_RECORD EXCERPTS_:
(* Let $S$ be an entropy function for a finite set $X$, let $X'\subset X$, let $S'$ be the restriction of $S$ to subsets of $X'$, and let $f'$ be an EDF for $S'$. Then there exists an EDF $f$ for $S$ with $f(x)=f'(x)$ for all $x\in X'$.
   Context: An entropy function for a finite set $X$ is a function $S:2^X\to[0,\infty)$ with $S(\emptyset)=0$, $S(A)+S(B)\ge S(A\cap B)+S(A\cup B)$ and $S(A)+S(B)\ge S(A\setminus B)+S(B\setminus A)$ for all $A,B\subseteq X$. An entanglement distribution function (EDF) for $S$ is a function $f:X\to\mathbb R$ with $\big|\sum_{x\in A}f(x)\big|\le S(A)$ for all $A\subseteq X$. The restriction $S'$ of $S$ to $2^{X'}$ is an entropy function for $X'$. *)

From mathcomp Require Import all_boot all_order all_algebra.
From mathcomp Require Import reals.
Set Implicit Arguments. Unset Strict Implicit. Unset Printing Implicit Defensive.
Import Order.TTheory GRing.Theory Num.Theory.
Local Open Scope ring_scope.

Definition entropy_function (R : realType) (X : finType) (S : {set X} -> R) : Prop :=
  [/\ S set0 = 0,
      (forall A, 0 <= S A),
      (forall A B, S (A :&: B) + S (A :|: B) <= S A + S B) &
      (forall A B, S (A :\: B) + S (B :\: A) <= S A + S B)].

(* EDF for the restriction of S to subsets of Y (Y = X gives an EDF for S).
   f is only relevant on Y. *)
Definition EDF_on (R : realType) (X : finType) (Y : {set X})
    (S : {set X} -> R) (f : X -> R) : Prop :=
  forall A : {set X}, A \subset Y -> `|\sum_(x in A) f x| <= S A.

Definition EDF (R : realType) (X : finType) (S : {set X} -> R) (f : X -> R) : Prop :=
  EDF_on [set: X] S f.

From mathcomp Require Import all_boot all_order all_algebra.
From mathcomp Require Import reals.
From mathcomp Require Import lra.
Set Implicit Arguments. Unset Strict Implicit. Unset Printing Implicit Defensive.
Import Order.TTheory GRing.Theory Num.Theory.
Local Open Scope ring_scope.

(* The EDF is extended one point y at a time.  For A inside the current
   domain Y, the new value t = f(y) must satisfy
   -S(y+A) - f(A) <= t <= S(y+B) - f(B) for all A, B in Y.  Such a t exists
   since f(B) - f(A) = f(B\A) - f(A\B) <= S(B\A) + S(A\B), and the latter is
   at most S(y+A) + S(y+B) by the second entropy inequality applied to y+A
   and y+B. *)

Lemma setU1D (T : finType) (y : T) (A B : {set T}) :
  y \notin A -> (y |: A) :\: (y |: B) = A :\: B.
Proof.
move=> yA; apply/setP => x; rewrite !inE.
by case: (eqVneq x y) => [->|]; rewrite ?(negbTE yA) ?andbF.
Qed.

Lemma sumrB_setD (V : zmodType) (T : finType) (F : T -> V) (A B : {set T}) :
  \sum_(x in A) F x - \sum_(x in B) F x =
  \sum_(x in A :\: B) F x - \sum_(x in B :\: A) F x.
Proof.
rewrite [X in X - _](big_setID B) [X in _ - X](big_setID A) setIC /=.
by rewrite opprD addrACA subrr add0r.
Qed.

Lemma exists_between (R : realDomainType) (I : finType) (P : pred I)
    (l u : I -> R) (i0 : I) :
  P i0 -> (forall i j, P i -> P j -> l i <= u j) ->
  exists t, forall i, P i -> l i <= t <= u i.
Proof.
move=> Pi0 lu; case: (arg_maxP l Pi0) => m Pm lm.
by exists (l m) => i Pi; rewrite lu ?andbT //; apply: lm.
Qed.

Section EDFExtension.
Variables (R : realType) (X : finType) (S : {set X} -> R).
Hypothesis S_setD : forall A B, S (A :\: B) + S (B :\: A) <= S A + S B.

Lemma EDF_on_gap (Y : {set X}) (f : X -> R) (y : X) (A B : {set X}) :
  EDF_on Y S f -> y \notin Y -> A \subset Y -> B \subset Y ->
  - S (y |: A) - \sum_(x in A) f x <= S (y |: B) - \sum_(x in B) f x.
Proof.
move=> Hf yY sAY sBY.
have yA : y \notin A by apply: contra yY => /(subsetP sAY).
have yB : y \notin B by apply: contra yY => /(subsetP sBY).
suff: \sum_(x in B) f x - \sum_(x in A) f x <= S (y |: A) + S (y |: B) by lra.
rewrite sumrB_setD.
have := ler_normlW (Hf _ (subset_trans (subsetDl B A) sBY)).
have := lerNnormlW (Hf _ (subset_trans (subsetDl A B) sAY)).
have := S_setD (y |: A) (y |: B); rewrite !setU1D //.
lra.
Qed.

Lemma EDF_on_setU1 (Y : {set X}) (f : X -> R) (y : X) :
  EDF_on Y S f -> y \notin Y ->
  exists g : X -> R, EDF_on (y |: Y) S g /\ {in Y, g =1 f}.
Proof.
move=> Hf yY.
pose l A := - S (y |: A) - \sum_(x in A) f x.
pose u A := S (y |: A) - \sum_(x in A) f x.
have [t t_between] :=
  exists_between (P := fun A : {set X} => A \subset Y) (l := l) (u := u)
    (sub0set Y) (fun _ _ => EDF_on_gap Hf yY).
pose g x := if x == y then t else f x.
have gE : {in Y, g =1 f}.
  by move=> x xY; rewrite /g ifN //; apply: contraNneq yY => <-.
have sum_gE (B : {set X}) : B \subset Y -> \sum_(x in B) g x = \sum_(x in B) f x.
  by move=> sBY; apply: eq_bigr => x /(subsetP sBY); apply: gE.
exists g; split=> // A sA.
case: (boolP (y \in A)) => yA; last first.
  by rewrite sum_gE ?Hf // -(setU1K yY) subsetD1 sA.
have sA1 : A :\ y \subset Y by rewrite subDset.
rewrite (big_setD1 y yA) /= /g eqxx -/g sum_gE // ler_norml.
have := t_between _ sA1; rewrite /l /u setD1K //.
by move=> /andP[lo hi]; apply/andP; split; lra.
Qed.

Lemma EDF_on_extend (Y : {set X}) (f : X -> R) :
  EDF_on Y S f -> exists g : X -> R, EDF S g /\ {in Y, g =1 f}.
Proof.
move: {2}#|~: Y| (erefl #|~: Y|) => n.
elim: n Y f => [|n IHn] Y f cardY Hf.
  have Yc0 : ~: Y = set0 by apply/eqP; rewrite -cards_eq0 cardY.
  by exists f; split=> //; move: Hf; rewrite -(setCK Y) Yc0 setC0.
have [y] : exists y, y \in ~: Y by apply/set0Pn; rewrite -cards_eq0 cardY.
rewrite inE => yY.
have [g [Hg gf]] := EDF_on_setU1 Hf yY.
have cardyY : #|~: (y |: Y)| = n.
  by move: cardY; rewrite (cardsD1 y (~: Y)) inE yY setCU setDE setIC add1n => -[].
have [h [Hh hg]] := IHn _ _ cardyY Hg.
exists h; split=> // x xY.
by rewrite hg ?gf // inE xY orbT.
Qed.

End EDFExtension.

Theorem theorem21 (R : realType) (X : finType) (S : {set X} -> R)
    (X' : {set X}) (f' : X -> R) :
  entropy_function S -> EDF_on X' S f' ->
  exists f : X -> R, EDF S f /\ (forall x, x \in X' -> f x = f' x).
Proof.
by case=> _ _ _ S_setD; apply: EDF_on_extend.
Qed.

_EXERCISE DESCRIPTION_: Once you find the line with "EDF_on Y S f -> y \notin Y -> A" above, print it and every line after it up to and including the line with "rewrite sumrB_setD.", exactly as written and nothing else.

_SOLVED PROBLEM_:
  EDF_on Y S f -> y \notin Y -> A \subset Y -> B \subset Y ->
  - S (y |: A) - \sum_(x in A) f x <= S (y |: B) - \sum_(x in B) f x.
Proof.
move=> Hf yY sAY sBY.
have yA : y \notin A by apply: contra yY => /(subsetP sAY).
have yB : y \notin B by apply: contra yY => /(subsetP sBY).
suff: \sum_(x in B) f x - \sum_(x in A) f x <= S (y |: A) + S (y |: B) by lra.
rewrite sumrB_setD.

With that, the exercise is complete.